*** Block opens ***

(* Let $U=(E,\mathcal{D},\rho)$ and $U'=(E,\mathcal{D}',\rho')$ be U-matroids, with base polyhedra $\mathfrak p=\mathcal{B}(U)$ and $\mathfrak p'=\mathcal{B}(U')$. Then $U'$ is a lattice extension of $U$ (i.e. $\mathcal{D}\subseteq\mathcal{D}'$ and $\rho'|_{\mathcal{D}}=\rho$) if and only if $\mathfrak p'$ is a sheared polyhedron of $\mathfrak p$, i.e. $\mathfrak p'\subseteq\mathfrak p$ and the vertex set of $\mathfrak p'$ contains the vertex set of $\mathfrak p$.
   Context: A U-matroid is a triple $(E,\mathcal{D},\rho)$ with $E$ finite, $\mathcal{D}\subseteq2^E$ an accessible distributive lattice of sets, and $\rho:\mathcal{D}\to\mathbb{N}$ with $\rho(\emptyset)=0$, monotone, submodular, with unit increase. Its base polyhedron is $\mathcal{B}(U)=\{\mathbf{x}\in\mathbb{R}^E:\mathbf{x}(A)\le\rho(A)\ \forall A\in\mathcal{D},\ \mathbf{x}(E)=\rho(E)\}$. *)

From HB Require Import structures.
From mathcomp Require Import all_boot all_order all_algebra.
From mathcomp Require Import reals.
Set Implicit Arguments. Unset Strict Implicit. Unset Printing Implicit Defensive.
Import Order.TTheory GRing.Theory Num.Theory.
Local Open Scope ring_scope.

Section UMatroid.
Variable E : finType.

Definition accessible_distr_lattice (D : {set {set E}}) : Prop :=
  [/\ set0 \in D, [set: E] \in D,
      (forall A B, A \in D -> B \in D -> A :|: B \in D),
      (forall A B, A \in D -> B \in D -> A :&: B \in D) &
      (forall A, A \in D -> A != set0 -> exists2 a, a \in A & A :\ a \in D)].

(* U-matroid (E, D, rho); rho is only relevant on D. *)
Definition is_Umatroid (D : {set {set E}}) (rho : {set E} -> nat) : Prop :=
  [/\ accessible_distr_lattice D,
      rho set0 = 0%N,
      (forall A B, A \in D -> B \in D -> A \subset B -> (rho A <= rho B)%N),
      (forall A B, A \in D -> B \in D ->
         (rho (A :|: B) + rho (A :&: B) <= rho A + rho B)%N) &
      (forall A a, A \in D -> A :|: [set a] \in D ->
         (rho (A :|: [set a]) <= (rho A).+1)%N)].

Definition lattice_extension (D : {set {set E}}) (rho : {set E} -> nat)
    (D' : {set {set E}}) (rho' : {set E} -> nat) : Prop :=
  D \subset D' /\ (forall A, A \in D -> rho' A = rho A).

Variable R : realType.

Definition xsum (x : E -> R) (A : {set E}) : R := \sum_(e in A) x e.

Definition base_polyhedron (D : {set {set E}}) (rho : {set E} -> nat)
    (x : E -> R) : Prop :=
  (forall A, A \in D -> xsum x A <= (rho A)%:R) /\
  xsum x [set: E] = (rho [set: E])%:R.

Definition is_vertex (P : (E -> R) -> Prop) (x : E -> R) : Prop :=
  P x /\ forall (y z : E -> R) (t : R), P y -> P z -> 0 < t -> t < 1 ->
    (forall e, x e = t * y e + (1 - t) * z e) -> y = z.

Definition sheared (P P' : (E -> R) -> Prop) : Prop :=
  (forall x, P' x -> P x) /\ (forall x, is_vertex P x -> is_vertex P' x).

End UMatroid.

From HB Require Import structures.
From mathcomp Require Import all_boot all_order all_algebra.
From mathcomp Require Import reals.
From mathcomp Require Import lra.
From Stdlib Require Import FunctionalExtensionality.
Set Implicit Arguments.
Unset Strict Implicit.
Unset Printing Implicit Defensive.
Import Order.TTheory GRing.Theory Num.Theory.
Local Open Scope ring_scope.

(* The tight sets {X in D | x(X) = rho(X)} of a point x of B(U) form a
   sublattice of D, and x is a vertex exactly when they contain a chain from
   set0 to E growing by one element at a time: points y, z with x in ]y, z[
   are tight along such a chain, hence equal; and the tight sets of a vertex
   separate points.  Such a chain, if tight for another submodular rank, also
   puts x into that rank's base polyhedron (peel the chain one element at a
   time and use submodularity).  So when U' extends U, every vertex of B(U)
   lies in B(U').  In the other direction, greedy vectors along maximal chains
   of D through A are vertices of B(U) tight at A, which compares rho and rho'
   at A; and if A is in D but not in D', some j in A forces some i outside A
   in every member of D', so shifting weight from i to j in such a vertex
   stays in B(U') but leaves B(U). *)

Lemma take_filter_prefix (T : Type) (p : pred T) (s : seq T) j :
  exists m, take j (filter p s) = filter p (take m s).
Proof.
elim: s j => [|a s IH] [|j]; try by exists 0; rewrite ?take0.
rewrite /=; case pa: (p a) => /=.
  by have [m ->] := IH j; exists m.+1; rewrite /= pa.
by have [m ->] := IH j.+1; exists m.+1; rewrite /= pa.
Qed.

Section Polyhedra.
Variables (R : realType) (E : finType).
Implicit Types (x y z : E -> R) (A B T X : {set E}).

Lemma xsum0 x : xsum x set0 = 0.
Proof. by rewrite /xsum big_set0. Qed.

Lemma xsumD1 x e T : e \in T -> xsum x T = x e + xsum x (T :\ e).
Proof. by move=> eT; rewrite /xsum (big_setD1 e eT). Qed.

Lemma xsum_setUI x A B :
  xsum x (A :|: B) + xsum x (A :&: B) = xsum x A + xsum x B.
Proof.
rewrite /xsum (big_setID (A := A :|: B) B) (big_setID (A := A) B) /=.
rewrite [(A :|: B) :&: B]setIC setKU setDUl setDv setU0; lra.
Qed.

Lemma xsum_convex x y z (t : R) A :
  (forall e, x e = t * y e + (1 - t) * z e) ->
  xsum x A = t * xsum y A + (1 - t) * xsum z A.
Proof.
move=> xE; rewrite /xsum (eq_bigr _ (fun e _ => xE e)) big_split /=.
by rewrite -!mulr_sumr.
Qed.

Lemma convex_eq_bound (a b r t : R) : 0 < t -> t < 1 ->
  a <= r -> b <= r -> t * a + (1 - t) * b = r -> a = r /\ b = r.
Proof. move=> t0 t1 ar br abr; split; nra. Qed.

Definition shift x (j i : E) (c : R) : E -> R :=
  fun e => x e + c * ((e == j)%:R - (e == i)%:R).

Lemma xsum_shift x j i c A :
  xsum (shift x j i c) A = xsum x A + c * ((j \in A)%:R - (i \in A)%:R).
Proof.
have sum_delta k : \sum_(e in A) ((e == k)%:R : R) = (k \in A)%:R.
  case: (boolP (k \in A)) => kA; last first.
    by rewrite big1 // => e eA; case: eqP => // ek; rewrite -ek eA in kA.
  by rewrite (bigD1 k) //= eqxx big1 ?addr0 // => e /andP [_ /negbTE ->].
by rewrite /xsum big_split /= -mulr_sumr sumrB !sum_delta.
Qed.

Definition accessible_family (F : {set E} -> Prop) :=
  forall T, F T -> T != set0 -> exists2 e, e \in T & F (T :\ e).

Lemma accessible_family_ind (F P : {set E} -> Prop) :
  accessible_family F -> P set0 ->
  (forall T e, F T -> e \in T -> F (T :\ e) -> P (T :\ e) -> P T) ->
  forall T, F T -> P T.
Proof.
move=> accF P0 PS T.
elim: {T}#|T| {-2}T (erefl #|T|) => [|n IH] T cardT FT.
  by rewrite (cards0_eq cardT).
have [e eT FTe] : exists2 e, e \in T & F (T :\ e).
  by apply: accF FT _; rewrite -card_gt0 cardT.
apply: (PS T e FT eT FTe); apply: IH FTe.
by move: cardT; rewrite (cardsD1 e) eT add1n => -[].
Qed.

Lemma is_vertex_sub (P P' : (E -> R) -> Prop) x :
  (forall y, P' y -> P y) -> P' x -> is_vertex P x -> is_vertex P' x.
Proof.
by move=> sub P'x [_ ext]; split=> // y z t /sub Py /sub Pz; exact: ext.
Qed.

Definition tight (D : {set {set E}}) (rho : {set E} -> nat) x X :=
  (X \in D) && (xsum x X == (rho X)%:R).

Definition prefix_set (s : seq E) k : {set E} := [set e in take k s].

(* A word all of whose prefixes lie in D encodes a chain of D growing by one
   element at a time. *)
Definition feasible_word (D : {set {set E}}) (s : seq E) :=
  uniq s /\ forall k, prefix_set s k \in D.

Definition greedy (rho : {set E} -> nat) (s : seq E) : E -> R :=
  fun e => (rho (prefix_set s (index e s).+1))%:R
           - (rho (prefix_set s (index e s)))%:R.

*** Block closes ***

- [TASK TO COMPLETE]:
All lines in the records above that contain "element" are to be reported.

- [OUTPUT]:
   set0 to E growing by one element at a time: points y, z with x in ]y, z[
   puts x into that rank's base polyhedron (peel the chain one element at a
   element at a time. *)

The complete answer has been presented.